Ultimately Yusuf’s argument culminates in a wish that autistic people didn’t exist. But I quite like existing. I would not be the same person were I not autistic, and I quite like being me. So do quite a lot of other people, too. I’m sure some parents wouldn’t want their children to be autistic. Some parents also don’t want their children to be red heads, gay, or obsessed with space. But some are. And yeah, maybe it will result in a harder life for them – I was bullied thoughout my school career, I’m heavily dependant on my Asperger’s tutor and my university has already attempted to throw me out for poor attendance – but I would never want to be “cured”, and neither do most of my friends who have mental health disorders.

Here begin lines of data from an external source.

(* There exists a linear operator $T:\mathbb{R}[x]\to\mathbb{R}[x]$ which is an infinite order differential operator and a hyperbolicity preserver, but which is not monotone.
   Context: $D=\frac{d}{dx}$. Every linear operator $T:\mathbb{R}[x]\to\mathbb{R}[x]$ can be written uniquely as $T=\sum_{k=0}^\infty Q_k(x)D^k$ with $Q_k\in\mathbb{R}[x]$ (meaning $T[p]=\sum_kQ_kD^k[p]$ for all polynomials $p$). $T$ is an infinite order differential operator if $Q_k\not\equiv0$ for infinitely many $k$. $T$ is a hyperbolicity preserver if $T[p]$ has only real zeros whenever $p$ has only real zeros. $T$ is monotone if the degrees of its nonzero coefficient polynomials are nondecreasing, i.e. $\deg Q_k\le\deg Q_l$ whenever $k<l$ and $Q_k\not\equiv0$, $Q_l\not\equiv0$. *)

From HB Require Import structures.
From mathcomp Require Import all_boot all_order all_algebra.
Set Implicit Arguments. Unset Strict Implicit. Unset Printing Implicit Defensive.
Import Order.TTheory GRing.Theory Num.Theory.
Local Open Scope ring_scope.

Section Defs.
Variable R : rcfType.

(* p has only real zeros: p factors into linear factors over R
   (over a real closed field R, the zeros of p in R[i] are all in R iff this holds).
   The zero polynomial is counted (lead_coef 0 = 0). *)
Definition only_real_zeros (p : {poly R}) : Prop :=
  exists rs : seq R, p = lead_coef p *: \prod_(r <- rs) ('X - r%:P).

Definition lin_op (T : {poly R} -> {poly R}) : Prop :=
  forall (a : R) (p q : {poly R}), T (a *: p + q) = a *: T p + T q.

(* T = sum_k Q_k(x) D^k  (the sum is finite on each polynomial since D^k p = 0 for k >= size p) *)
Definition diff_rep (T : {poly R} -> {poly R}) (Q : nat -> {poly R}) : Prop :=
  forall p : {poly R}, T p = \sum_(k < size p) Q k * p^`(k).

Definition infinite_order_coeffs (Q : nat -> {poly R}) : Prop :=
  forall N : nat, exists k : nat, (N <= k)%N /\ Q k != 0.

Definition hyperbolicity_preserver (T : {poly R} -> {poly R}) : Prop :=
  forall p : {poly R}, only_real_zeros p -> only_real_zeros (T p).

(* monotone: deg Q_k <= deg Q_l whenever k < l and both nonzero
   (for nonzero polynomials deg comparison = size comparison) *)
Definition monotone_coeffs (Q : nat -> {poly R}) : Prop :=
  forall k l : nat, (k < l)%N -> Q k != 0 -> Q l != 0 -> (size (Q k) <= size (Q l))%N.

End Defs.

(* The operator T p = x p'(0) + 2 p(0) + p''(0) maps every polynomial to one of
   degree at most one, so it trivially preserves real-rootedness.  Expanding
   p(0) by Taylor's formula at x, p(0) = sum_k p^(k)(x) (-x)^k / k!, shows that
   T = sum_k Q_k D^k with Q_1 = -x and Q_2 = 1, which breaks monotonicity, while
   for k >= 3 the term (-x)^(k-2)/(k-2)! coming from p''(0) is the only one of
   degree k-2 in Q_k, so Q_k <> 0. *)
From HB Require Import structures.
From mathcomp Require Import all_boot all_order all_algebra.
From mathcomp Require Import ring.
Set Implicit Arguments. Unset Strict Implicit. Unset Printing Implicit Defensive.
Import Order.TTheory GRing.Theory Num.Theory.
Local Open Scope ring_scope.

Lemma horner_map_polyC_X (R : comNzRingType) (q : {poly R}) : (q ^:P).['X] = q.
Proof.
elim/poly_ind: q => [|q c IHq]; first by rewrite rmorph0 horner0.
by rewrite rmorphD rmorphM /= map_polyX map_polyC hornerMXaddC IHq.
Qed.

(* Taylor's formula at x, read in {poly {poly R}}: p(0) = p(x + (-x)). *)
Lemma polyC_horner0_taylor (R : comNzRingType) (p : {poly R}) n :
  (size p <= n)%N -> (p.[0])%:P = \sum_(i < n) p^`N(i) * (-'X) ^+ i.
Proof.
move=> le_p_n.
have := @nderiv_taylor_wide _ n (p ^:P) 'X (-'X) (mulrC _ _).
rewrite size_map_polyC subrr !horner_coef0 coef_map /= => /(_ le_p_n) ->.
by apply: eq_bigr => i _; rewrite nderivn_map horner_map_polyC_X.
Qed.

Lemma derivn_add (R : nzSemiRingType) (p : {poly R}) m n :
  p^`(m + n) = p^`(m)^`(n).
Proof. by elim: n => [|n IHn]; rewrite ?addn0 ?derivn0 // addnS !derivnS IHn. Qed.

Lemma size_derivn_leq (R : nzSemiRingType) (p : {poly R}) n :
  (size p^`(n) <= size p)%N.
Proof.
apply/leq_sizeP => i le_p_i; rewrite coef_derivn nth_default ?mul0rn //.
exact: leq_trans le_p_i (leq_addl _ _).
Qed.

Lemma nderivn_scale_fact (R : numFieldType) (p : {poly R}) n :
  (n`!%:R^-1 : R) *: p^`(n) = p^`N(n).
Proof.
by rewrite nderivn_def -scaler_nat scalerA mulVf ?scale1r // pnatr_eq0 -lt0n fact_gt0.
Qed.

Lemma only_real_zeros_size_le2 (R : rcfType) (p : {poly R}) :
  (size p <= 2)%N -> only_real_zeros p.
Proof.
move=> le_p_2.
have p_lin : p = p`_1 *: 'X + (p`_0)%:P.
  apply/polyP => -[|[|i]]; rewrite coefD coefZ coefX coefC /= ?mulr0 ?mulr1 ?add0r ?addr0 //.
  by rewrite nth_default // (leq_trans le_p_2).
have [p1_0 | p1_nz] := eqVneq p`_1 0.
  have p_C : p = (p`_0)%:P by rewrite [LHS]p_lin p1_0 scale0r add0r.
  by exists [::]; rewrite big_nil alg_polyC {2}p_C lead_coefC -p_C.
pose r := - (p`_0 / p`_1).
have p_fact : p = p`_1 *: ('X - r%:P).
  by rewrite [LHS]p_lin polyCN opprK scalerDr scale_polyC mulrC divfK.
exists [:: r]; rewrite big_seq1.
by rewrite {2}p_fact lead_coefZ lead_coefXsubC mulr1 -p_fact.
Qed.

Section DerivnAt0.
Variable R : rcfType.
Implicit Types (P p : {poly R}) (T S : {poly R} -> {poly R}) (Q : nat -> {poly R}).

Lemma lin_opD T S : lin_op T -> lin_op S -> lin_op (fun p => T p + S p).
Proof. by move=> linT linS a p q; rewrite linT linS scalerDr addrACA. Qed.

Lemma diff_repD T S Q (Q' : nat -> {poly R}) :
  diff_rep T Q -> diff_rep S Q' -> diff_rep (fun p => T p + S p) (fun k => Q k + Q' k).
Proof.
move=> repT repS p; rewrite repT repS -big_split.
by apply: eq_bigr => k _; rewrite mulrDl.
Qed.

Lemma sum_derivn_widen Q p n : (size p <= n)%N ->
  \sum_(k < size p) Q k * p^`(k) = \sum_(k < n) Q k * p^`(k).
Proof.
move=> le_p_n; rewrite (big_ord_widen n (fun k => Q k * p^`(k))) // big_mkcond.
apply: eq_bigr => k _; case: ltnP => // le_p_k.
by rewrite derivn_poly0 ?mulr0.
Qed.

Definition derivn_at0 j P p := (p^`(j)).[0] *: P.

(* Taylor's formula at x: p^(j)(0) P = sum_(k >= j) P (-x)^(k-j) / (k-j)! p^(k). *)
Definition derivn_at0_coef j P k :=
  if (j <= k)%N then ((k - j)`!%:R^-1 : R) *: (P * (-'X) ^+ (k - j)) else 0.

Lemma lin_op_derivn_at0 j P : lin_op (derivn_at0 j P).
Proof.
move=> a p q.
by rewrite /derivn_at0 derivnD derivnZ hornerD hornerZ scalerDl scalerA.
Qed.

Lemma diff_rep_derivn_at0 j P : diff_rep (derivn_at0 j P) (derivn_at0_coef j P).
Proof.
move=> p; rewrite (@sum_derivn_widen _ p (j + size p)) ?leq_addl //.
rewrite big_split_ord /= big1 ?add0r => [|k _]; last first.
  by rewrite /derivn_at0_coef leqNgt ltn_ord mul0r.
rewrite /derivn_at0 -mul_polyC (polyC_horner0_taylor (size_derivn_leq p j)) mulr_suml.
apply: eq_bigr => i _; rewrite /derivn_at0_coef leq_addr addKn.
by rewrite -scalerAl scalerAr derivn_add nderivn_scale_fact [RHS]mulrC mulrA mulrAC.
Qed.

End DerivnAt0.

Section Counterexample.
Variable R : rcfType.

Definition nonmonotone_op (p : {poly R}) : {poly R} :=
  derivn_at0 1 'X p + derivn_at0 0 2 p + derivn_at0 2 1 p.

Definition nonmonotone_coef (k : nat) : {poly R} :=
  derivn_at0_coef 1 'X k + derivn_at0_coef 0 2 k + derivn_at0_coef 2 1 k.

Lemma lin_op_nonmonotone_op : lin_op nonmonotone_op.
Proof.
exact: lin_opD (lin_opD (lin_op_derivn_at0 1 'X) (lin_op_derivn_at0 0 2))
               (lin_op_derivn_at0 2 1).
Qed.

Lemma diff_rep_nonmonotone_op : diff_rep nonmonotone_op nonmonotone_coef.
Proof.
exact: diff_repD (diff_repD (diff_rep_derivn_at0 1 'X) (diff_rep_derivn_at0 0 2))
                 (diff_rep_derivn_at0 2 1).
Qed.

Lemma size_nonmonotone_op p : (size (nonmonotone_op p) <= 2)%N.
Proof.
have size_at0_le2 j (P : {poly R}) : (size P <= 2)%N -> (size (derivn_at0 j P p) <= 2)%N.
  exact: leq_trans (size_scale_leq _ _).
have size_addr_le2 (q q' : {poly R}) :
    (size q <= 2)%N -> (size q' <= 2)%N -> (size (q + q')%R <= 2)%N.
  by move=> le_q le_q'; rewrite (leq_trans (size_polyD _ _)) // geq_max le_q.
apply/size_addr_le2/size_at0_le2; last by rewrite size_poly1.
apply/size_addr_le2/size_at0_le2; first by apply/size_at0_le2; rewrite size_polyX.
by rewrite -polyC_natr (leq_trans (size_polyC_leq1 _)).
Qed.

Lemma nonmonotone_coef1 : nonmonotone_coef 1 = - 'X.
Proof.
rewrite /nonmonotone_coef /derivn_at0_coef /= !factS fact0 /= subnn subn0 !muln1 invr1 !scale1r.
ring.
Qed.

Lemma nonmonotone_coef2 : nonmonotone_coef 2 = 1.
Proof.
rewrite /nonmonotone_coef /derivn_at0_coef /= !factS fact0 /= subnn subn0 !muln1 invr1 !scale1r.
rewrite mulr_natl -scaler_nat scalerA mulVf ?pnatr_eq0 // scale1r.
ring.
Qed.

Lemma nonmonotone_coef_neq0 k : nonmonotone_coef k.+3 != 0.
Proof.
rewrite /nonmonotone_coef /derivn_at0_coef /= subn1 subn2 subn0 /=.
apply/eqP => /(congr1 (fun q : {poly R} => q`_k.+1)).
rewrite mulr_natl mul1r -(scaleN1r 'X) !exprZn !coefD !coefZ coefMn coefZ coefXM /= !coefZ !coefXn.
rewrite (ltn_eqF (leqnSn k.+1)) (ltn_eqF (leqnSn k.+2)) eqxx coef0.
rewrite !(mulr0, mul0rn, add0r, mulr1) => /eqP; apply/negP.
by rewrite mulf_neq0 ?invr_eq0 ?pnatr_eq0 -?lt0n ?fact_gt0 ?signr_eq0.
Qed.

End Counterexample.

Theorem mainTheorem4 (R : rcfType) :
  exists (T : {poly R} -> {poly R}) (Q : nat -> {poly R}),
    [/\ lin_op T, diff_rep T Q, infinite_order_coeffs Q,
        hyperbolicity_preserver T & ~ monotone_coeffs Q].
Proof.
exists (@nonmonotone_op R), (@nonmonotone_coef R); split.
- exact: lin_op_nonmonotone_op.
- exact: diff_rep_nonmonotone_op.
- by move=> N; exists N.+3; split; [rewrite !leqW | exact: nonmonotone_coef_neq0].
- by move=> p _; apply/only_real_zeros_size_le2/size_nonmonotone_op.
- move=> /(_ 1%N 2%N isT); rewrite nonmonotone_coef1 nonmonotone_coef2 oppr_eq0 polyX_eq0 oner_eq0.
  by rewrite size_opp size_polyX size_poly1 => /(_ isT isT).
Qed.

Yes, I don’t know what people are talking about when they’re being subtle, I can’t bear ticking, and I have nervous breakdowns when my friends lie to me. Those things aren’t pleasant. But I enjoy my ruthless honesty, extremely deep knowledge of specific subjects, and relentless, single-minded drive to achieve what I want from life. I don’t think I would have those qualities were I not wired up differently to other people, and I don’t want it any other way – and other people shouldn’t either.